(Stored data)

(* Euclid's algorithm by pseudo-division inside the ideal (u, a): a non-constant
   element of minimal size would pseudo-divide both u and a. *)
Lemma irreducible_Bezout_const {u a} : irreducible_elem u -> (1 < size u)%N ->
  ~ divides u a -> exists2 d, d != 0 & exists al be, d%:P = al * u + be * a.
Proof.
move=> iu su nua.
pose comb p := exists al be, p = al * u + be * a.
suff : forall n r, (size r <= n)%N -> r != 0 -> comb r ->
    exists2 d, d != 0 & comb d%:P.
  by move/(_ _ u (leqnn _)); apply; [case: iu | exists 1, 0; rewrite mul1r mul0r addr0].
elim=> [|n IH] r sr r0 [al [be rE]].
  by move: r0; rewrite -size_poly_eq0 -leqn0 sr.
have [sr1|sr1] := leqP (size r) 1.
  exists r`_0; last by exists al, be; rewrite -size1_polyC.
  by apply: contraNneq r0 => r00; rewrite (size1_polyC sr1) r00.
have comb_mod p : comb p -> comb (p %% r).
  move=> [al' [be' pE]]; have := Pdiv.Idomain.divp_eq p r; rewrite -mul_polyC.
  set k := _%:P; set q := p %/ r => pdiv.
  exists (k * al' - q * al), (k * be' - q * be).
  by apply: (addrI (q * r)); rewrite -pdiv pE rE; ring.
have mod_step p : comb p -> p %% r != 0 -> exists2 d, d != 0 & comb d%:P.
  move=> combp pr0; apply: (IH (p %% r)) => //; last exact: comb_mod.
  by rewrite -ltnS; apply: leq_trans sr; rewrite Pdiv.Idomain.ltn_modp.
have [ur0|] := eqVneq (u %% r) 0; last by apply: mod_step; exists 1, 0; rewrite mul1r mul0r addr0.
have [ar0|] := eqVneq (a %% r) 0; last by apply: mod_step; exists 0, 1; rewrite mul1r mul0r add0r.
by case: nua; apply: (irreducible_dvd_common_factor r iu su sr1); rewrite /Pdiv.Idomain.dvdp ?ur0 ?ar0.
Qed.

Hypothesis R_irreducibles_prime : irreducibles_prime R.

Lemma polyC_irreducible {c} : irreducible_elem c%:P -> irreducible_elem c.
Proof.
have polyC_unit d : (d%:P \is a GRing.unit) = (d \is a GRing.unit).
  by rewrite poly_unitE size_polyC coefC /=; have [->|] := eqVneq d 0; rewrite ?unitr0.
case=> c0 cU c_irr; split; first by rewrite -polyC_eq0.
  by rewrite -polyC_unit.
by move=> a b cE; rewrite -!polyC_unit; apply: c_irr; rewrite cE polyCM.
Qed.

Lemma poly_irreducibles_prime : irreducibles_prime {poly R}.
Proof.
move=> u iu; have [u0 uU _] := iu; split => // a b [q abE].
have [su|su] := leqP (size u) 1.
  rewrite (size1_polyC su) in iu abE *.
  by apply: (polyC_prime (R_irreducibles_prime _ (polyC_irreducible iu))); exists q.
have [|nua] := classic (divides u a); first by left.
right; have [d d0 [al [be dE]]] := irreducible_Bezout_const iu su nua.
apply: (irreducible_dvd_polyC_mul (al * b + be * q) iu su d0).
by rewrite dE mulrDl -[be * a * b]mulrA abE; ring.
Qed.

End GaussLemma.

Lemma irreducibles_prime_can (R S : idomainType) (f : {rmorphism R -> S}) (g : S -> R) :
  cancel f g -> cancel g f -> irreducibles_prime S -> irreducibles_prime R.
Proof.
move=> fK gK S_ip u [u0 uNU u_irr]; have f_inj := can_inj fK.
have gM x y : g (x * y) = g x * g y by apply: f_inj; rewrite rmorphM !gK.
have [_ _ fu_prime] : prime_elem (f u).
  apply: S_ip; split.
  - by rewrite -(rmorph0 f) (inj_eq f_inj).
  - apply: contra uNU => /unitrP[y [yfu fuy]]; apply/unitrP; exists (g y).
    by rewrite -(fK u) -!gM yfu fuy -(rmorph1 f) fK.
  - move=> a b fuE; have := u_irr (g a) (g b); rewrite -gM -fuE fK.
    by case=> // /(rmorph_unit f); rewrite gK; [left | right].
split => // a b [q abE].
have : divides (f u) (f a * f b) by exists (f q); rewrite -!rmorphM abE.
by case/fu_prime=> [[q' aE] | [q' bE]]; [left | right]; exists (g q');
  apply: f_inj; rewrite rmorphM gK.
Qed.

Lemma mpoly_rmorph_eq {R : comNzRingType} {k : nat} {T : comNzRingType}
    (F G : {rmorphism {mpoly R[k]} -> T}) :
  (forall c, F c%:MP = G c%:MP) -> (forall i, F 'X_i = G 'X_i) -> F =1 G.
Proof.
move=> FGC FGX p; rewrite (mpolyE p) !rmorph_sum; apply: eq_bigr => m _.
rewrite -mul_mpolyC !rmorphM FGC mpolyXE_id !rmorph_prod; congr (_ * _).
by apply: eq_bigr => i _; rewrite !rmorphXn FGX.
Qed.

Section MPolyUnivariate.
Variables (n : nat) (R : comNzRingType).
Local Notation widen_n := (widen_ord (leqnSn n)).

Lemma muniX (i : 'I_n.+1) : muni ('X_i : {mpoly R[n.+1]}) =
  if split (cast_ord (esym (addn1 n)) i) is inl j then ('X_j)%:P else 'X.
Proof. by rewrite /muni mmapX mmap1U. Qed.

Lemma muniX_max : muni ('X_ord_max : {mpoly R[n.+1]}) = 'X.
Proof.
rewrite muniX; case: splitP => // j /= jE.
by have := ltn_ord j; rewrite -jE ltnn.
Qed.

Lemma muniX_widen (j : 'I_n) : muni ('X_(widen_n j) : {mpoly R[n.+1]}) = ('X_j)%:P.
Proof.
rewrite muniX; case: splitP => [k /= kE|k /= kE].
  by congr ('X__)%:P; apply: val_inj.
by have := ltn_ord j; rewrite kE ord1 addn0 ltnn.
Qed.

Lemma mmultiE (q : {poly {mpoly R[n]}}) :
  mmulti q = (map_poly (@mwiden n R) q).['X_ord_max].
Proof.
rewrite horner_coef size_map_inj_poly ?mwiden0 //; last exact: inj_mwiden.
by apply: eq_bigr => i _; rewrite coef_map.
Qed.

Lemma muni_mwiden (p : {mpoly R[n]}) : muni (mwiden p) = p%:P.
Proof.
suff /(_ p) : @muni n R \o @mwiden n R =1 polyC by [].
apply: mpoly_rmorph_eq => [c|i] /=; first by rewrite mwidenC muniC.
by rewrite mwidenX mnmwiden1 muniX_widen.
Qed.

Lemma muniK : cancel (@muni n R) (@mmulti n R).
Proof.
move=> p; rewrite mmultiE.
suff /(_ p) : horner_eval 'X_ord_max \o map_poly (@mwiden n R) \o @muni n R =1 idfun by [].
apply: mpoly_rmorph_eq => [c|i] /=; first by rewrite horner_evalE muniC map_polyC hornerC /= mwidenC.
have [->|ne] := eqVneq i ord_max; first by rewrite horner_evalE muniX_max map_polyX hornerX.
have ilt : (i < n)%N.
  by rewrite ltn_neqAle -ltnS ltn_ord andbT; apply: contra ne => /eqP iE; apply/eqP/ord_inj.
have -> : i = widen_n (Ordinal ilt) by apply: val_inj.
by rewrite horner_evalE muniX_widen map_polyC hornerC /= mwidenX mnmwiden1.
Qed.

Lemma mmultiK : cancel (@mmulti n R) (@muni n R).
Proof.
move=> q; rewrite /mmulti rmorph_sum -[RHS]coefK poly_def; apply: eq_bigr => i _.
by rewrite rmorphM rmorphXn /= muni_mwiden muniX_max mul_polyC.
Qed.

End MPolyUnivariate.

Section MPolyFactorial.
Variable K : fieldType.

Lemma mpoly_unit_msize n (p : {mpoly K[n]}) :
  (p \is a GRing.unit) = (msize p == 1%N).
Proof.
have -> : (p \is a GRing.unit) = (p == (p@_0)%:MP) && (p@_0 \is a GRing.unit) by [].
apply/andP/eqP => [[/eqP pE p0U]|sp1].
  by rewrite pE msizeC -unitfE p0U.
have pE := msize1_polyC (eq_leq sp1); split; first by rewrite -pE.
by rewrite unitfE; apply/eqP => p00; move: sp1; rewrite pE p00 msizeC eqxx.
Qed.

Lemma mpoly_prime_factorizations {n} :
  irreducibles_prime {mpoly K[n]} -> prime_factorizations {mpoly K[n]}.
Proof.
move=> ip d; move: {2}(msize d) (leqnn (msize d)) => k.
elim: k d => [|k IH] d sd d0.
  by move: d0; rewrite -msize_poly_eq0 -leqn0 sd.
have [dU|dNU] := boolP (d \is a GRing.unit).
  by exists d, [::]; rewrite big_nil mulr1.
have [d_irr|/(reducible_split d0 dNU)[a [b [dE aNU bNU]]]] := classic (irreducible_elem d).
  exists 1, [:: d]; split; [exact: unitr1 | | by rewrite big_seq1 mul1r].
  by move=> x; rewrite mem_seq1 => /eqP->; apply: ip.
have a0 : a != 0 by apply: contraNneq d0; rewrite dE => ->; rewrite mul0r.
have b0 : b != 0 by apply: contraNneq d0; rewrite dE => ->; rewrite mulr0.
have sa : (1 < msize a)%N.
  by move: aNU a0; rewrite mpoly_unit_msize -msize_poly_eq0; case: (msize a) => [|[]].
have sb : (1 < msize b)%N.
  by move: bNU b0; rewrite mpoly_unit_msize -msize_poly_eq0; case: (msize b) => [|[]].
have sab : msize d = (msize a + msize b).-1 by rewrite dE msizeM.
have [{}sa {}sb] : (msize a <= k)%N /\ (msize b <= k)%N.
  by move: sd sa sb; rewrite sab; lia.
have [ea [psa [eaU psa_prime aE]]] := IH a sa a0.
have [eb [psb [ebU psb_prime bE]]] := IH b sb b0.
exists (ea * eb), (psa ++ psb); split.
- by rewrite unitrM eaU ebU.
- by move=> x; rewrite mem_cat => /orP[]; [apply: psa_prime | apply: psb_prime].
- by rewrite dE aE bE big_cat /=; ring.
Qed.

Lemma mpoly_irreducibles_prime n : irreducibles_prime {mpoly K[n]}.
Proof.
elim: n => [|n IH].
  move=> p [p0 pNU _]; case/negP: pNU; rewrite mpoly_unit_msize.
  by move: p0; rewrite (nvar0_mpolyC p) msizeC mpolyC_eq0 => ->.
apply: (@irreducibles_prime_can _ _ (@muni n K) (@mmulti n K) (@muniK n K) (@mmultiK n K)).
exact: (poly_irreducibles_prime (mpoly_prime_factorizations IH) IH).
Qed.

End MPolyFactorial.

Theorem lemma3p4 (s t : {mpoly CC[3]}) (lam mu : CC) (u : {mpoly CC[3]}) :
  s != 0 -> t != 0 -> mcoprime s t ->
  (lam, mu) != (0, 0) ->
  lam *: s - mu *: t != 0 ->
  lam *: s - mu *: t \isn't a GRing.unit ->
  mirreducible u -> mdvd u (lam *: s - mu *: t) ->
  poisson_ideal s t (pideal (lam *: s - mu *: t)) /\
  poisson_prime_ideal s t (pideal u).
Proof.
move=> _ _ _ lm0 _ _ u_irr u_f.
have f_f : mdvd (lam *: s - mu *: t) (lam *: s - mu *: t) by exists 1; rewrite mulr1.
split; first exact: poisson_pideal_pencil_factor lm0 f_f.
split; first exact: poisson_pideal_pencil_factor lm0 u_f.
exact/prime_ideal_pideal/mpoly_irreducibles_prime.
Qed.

TASK ITEM:
An exact repeat of the lines from the one containing "have f_f : mdvd" through the final line above, both included, is the whole answer.

EXERCISE RESULT:
have f_f : mdvd (lam *: s - mu *: t) (lam *: s - mu *: t) by exists 1; rewrite mulr1.
split; first exact: poisson_pideal_pencil_factor lm0 f_f.
split; first exact: poisson_pideal_pencil_factor lm0 u_f.
exact/prime_ideal_pideal/mpoly_irreducibles_prime.
Qed.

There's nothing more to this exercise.